§ INFORMATION SUPPLIED
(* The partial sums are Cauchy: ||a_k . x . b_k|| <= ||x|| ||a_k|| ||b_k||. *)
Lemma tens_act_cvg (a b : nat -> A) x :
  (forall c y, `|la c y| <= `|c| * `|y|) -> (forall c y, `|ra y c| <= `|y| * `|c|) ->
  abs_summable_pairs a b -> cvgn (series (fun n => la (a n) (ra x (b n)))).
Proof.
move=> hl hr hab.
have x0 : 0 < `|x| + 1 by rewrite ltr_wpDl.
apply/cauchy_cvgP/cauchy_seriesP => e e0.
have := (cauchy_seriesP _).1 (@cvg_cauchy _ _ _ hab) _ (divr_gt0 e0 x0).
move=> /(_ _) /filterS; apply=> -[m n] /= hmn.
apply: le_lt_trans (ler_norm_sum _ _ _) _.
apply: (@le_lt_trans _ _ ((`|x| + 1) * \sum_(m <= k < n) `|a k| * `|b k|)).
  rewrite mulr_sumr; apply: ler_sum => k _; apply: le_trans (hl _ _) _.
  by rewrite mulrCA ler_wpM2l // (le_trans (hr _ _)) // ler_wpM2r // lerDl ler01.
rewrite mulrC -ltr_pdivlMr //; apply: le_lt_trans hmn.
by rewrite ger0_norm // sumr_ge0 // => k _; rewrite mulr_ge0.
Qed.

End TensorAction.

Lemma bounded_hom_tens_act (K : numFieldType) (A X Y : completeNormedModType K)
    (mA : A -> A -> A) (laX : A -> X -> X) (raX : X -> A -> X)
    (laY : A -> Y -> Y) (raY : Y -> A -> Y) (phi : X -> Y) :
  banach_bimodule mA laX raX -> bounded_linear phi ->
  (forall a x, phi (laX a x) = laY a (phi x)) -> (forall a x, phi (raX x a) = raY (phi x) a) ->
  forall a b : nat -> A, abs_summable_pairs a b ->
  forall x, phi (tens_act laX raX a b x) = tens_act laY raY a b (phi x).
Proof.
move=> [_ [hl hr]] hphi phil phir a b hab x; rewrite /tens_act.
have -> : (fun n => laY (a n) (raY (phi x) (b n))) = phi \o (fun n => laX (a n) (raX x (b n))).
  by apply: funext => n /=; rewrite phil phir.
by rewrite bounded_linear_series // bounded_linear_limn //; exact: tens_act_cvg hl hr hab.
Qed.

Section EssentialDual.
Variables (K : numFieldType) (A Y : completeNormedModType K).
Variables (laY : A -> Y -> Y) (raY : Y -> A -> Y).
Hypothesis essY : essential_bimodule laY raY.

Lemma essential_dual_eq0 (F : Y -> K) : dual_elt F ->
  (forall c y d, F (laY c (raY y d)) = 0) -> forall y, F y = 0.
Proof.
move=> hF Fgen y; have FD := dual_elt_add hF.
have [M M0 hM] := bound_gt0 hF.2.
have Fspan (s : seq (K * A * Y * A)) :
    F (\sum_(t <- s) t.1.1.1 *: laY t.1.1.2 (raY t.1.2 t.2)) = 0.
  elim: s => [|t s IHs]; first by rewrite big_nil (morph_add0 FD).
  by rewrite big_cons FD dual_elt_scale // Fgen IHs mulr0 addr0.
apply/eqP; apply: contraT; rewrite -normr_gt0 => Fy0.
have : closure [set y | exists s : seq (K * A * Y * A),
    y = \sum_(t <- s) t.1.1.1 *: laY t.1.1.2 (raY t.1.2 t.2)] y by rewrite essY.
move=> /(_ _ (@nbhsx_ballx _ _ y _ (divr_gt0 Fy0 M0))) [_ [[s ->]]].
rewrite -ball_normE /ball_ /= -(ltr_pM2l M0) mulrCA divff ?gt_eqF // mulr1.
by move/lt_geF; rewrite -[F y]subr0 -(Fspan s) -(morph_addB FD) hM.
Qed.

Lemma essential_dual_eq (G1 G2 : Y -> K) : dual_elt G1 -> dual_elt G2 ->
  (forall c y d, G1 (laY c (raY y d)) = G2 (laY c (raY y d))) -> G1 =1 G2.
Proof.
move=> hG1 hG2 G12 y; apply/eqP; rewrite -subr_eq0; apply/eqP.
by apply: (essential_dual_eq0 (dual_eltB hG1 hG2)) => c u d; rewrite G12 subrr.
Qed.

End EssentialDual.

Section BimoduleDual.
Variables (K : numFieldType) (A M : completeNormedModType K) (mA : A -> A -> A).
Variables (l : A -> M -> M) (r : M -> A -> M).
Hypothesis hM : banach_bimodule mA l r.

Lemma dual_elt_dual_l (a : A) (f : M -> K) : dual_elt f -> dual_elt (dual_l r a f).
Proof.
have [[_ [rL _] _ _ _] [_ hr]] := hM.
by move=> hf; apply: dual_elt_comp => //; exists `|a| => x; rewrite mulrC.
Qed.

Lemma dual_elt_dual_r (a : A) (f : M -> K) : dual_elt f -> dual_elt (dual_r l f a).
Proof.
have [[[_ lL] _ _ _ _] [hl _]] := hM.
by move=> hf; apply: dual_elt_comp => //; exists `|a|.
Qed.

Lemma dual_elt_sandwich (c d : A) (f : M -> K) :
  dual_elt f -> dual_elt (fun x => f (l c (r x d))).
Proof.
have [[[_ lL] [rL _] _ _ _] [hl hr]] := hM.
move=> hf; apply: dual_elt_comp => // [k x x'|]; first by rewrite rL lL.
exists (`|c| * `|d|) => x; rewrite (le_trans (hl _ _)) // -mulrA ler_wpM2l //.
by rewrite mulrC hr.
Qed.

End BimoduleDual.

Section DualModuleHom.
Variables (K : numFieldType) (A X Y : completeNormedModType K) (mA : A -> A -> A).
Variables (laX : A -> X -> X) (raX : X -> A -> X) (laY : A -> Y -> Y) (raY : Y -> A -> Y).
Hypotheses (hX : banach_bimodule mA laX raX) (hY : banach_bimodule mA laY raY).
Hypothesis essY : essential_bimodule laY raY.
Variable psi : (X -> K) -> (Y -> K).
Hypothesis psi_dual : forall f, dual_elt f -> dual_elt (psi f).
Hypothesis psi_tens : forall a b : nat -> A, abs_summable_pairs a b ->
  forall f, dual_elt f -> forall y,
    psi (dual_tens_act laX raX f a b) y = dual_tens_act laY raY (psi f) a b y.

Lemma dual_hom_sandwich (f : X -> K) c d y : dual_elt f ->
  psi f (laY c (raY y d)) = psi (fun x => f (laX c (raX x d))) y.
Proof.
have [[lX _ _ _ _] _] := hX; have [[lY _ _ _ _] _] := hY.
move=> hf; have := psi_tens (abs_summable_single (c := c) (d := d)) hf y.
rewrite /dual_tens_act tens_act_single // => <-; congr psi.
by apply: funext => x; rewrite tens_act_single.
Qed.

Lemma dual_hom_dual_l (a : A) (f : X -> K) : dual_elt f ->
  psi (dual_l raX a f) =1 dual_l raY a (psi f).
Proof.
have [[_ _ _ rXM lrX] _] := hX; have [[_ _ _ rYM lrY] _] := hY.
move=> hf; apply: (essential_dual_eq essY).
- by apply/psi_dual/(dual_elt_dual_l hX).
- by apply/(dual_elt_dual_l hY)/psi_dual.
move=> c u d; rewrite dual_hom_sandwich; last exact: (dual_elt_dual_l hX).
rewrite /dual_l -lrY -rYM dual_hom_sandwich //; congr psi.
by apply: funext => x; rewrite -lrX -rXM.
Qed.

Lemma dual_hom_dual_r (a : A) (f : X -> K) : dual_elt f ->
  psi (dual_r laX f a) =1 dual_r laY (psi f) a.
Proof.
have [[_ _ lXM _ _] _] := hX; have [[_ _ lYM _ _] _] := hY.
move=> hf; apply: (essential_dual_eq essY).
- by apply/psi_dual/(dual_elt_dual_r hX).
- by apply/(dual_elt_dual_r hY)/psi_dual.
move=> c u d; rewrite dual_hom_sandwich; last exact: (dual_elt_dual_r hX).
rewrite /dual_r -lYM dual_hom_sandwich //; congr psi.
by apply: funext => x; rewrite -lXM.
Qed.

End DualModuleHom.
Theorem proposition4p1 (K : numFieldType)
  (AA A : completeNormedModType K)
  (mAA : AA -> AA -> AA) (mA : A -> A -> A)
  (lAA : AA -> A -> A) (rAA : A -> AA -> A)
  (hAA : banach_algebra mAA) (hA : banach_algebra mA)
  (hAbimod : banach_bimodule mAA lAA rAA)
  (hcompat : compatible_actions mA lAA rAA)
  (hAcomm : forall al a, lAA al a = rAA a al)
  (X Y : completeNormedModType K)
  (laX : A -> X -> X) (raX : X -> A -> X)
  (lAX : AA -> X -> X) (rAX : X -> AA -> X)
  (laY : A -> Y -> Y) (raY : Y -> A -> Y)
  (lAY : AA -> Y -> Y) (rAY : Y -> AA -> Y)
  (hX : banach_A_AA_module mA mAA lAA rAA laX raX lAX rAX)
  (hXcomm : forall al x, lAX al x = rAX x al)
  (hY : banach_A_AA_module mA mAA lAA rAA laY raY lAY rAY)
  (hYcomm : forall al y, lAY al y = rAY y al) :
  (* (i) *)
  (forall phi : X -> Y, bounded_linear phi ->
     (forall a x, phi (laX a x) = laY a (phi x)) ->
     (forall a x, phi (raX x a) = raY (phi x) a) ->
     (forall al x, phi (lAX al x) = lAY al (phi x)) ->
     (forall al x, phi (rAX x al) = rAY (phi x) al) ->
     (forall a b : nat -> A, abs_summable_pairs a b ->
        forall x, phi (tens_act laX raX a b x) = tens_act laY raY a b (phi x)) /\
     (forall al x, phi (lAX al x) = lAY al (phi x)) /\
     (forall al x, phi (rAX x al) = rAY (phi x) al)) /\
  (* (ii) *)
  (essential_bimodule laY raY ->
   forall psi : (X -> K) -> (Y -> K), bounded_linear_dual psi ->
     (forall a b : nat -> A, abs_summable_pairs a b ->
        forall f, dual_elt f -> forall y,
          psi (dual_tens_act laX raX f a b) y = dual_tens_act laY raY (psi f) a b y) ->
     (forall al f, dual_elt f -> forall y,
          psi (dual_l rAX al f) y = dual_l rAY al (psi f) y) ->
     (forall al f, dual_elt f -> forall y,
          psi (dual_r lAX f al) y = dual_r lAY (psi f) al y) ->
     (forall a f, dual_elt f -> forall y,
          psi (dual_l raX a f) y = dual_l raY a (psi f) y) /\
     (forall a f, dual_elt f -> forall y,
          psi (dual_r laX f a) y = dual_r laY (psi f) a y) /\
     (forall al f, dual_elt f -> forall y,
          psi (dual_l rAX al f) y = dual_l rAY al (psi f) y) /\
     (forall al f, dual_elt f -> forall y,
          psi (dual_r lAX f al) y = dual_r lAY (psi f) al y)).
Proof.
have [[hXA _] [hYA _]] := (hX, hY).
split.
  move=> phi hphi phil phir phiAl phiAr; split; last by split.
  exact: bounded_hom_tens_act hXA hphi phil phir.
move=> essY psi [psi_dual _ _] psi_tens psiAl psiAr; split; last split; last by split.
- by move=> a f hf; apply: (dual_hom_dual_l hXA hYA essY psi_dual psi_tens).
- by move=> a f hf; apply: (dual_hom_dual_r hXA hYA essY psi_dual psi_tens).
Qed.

==

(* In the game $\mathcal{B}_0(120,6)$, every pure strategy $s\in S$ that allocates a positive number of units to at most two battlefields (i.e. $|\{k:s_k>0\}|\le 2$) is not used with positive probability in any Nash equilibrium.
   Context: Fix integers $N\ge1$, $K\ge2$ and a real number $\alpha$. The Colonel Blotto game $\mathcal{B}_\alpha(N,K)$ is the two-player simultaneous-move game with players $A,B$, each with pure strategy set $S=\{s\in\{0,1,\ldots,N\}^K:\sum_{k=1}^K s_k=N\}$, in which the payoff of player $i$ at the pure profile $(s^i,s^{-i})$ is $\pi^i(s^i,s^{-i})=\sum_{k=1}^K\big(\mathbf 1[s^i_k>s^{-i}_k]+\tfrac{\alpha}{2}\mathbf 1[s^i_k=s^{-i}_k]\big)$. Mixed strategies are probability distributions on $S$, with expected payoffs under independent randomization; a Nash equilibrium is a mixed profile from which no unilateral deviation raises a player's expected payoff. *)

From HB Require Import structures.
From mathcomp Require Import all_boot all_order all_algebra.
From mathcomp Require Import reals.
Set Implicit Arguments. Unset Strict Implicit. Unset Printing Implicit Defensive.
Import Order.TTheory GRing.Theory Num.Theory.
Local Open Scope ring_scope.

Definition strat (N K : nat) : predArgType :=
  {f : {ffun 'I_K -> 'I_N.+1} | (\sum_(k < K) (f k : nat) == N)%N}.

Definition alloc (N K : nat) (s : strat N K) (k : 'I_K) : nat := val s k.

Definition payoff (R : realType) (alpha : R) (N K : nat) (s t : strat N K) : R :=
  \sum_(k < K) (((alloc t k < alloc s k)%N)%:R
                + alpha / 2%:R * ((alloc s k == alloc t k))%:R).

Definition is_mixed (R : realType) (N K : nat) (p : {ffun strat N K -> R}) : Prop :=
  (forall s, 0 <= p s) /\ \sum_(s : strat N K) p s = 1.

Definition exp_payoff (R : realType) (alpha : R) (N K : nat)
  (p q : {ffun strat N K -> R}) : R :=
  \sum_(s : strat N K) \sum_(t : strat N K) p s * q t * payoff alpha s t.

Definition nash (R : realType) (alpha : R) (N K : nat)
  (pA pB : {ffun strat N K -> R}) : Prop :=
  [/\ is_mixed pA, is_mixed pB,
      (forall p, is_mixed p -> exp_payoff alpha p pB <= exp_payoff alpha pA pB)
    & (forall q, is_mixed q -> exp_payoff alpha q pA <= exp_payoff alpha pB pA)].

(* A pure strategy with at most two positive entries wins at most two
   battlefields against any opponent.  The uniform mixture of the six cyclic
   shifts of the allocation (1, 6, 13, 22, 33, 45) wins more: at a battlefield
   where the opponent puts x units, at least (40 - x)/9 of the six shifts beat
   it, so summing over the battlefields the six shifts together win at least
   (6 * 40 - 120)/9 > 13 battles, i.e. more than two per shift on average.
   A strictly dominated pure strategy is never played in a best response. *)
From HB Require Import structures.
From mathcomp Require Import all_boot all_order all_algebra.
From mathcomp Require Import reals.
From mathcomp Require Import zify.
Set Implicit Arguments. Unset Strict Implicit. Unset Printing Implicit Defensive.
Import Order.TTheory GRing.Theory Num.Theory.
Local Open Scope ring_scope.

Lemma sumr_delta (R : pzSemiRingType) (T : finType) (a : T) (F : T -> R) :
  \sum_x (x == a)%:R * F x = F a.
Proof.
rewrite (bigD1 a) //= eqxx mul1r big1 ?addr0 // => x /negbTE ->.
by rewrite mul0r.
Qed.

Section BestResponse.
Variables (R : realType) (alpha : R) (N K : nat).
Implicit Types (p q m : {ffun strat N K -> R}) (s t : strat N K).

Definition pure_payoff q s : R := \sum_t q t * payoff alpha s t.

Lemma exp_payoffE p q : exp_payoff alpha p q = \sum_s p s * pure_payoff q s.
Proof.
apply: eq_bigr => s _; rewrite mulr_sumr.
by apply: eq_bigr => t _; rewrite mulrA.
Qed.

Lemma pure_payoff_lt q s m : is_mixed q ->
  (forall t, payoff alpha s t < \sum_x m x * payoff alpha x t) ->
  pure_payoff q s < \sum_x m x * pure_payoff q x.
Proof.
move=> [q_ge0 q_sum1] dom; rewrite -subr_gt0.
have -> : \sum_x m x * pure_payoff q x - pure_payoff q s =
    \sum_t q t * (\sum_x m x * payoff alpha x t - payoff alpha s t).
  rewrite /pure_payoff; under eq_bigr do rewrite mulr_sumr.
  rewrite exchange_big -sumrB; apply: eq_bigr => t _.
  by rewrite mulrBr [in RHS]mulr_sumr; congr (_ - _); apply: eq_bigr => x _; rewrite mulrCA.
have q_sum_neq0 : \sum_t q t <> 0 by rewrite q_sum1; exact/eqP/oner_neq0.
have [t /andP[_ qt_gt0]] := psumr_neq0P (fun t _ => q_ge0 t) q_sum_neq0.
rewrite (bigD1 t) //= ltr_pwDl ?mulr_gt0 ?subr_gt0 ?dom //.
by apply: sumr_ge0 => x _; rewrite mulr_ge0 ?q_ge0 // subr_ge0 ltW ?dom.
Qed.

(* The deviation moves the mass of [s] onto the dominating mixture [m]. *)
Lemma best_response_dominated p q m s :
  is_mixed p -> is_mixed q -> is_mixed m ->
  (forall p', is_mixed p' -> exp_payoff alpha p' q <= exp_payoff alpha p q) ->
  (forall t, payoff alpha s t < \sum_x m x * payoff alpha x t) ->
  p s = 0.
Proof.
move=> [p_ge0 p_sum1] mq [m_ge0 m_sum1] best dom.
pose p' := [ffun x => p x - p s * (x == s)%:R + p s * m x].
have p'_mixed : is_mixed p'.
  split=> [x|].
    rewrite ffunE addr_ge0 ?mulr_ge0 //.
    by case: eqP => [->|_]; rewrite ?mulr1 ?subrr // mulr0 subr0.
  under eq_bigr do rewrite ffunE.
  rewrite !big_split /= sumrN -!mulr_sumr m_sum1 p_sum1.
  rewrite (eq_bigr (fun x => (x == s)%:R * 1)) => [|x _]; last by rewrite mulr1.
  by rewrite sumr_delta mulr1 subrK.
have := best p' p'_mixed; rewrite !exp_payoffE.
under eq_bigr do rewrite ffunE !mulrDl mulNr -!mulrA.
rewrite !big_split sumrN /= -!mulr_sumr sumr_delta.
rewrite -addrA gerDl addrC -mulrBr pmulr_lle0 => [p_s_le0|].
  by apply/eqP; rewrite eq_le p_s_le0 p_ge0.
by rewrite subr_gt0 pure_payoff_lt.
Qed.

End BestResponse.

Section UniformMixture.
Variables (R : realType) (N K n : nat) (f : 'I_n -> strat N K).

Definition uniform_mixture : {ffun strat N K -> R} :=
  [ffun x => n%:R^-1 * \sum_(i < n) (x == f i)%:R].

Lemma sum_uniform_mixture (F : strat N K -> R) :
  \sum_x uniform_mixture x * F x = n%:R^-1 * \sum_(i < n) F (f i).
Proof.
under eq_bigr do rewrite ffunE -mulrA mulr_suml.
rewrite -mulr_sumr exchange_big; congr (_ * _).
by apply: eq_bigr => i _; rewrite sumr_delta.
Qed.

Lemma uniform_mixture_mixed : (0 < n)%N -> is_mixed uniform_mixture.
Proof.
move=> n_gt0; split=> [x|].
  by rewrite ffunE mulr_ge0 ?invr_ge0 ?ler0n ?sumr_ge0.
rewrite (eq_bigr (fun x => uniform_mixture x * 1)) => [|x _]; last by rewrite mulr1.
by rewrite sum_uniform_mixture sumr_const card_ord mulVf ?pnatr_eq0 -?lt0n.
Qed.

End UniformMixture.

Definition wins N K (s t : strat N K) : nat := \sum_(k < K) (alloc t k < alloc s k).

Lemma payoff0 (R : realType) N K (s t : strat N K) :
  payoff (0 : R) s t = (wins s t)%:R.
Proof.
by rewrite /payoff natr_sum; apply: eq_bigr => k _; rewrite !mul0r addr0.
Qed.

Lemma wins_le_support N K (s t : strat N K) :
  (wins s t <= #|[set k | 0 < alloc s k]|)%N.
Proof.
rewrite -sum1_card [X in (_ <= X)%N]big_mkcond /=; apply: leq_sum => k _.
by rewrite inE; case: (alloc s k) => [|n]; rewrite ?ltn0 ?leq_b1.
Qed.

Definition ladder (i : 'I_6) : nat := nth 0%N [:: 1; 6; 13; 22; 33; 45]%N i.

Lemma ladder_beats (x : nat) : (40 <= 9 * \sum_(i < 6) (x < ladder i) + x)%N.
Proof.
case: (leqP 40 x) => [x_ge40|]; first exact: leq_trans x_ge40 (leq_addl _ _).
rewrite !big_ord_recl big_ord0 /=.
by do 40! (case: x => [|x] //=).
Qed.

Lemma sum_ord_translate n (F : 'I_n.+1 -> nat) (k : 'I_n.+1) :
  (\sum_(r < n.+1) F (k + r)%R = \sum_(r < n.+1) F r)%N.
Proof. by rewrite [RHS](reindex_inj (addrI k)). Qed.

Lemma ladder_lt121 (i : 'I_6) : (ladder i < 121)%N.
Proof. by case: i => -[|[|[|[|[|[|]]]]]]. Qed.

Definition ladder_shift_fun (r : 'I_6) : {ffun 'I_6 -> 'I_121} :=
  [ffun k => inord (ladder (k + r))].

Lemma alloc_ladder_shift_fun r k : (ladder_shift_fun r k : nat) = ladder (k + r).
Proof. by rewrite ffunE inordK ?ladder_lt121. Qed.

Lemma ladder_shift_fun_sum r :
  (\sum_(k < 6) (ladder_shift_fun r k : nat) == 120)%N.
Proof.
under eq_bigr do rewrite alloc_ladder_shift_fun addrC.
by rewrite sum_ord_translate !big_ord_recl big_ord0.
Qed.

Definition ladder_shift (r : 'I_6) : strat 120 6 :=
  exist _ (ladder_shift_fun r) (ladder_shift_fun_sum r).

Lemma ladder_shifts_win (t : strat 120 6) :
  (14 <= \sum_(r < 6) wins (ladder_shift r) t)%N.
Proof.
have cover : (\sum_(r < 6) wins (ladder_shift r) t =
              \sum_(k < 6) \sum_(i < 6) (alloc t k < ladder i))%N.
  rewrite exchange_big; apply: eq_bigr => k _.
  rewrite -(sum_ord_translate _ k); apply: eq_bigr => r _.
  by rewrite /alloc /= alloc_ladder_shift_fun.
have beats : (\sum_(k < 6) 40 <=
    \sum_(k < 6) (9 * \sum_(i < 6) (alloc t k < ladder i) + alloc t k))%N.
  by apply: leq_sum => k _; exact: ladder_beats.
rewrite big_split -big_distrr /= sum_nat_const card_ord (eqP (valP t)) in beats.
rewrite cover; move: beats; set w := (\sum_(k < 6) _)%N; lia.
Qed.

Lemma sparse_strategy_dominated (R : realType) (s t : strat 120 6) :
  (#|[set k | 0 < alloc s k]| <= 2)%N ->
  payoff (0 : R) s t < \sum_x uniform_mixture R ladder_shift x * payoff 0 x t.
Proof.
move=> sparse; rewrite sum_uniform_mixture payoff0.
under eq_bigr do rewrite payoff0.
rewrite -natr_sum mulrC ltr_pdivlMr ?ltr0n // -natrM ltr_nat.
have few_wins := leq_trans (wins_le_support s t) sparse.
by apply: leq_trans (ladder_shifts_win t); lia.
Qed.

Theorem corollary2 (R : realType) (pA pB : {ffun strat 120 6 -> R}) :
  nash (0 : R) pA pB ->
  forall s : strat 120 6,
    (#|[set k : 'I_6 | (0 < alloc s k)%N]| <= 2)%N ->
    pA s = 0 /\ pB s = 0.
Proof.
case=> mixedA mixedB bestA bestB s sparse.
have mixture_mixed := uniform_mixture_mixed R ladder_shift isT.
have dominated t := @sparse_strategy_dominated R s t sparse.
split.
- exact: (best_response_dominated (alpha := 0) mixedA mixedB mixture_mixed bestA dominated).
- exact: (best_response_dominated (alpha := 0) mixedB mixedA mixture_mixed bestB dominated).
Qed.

§ WHAT TO DO
Each line with "Section" in it must be identified and copied from the material.

§ OUTPUT OF THE TASK
Section EssentialDual.
Section BimoduleDual.
Section DualModuleHom.
Section BestResponse.
Section UniformMixture.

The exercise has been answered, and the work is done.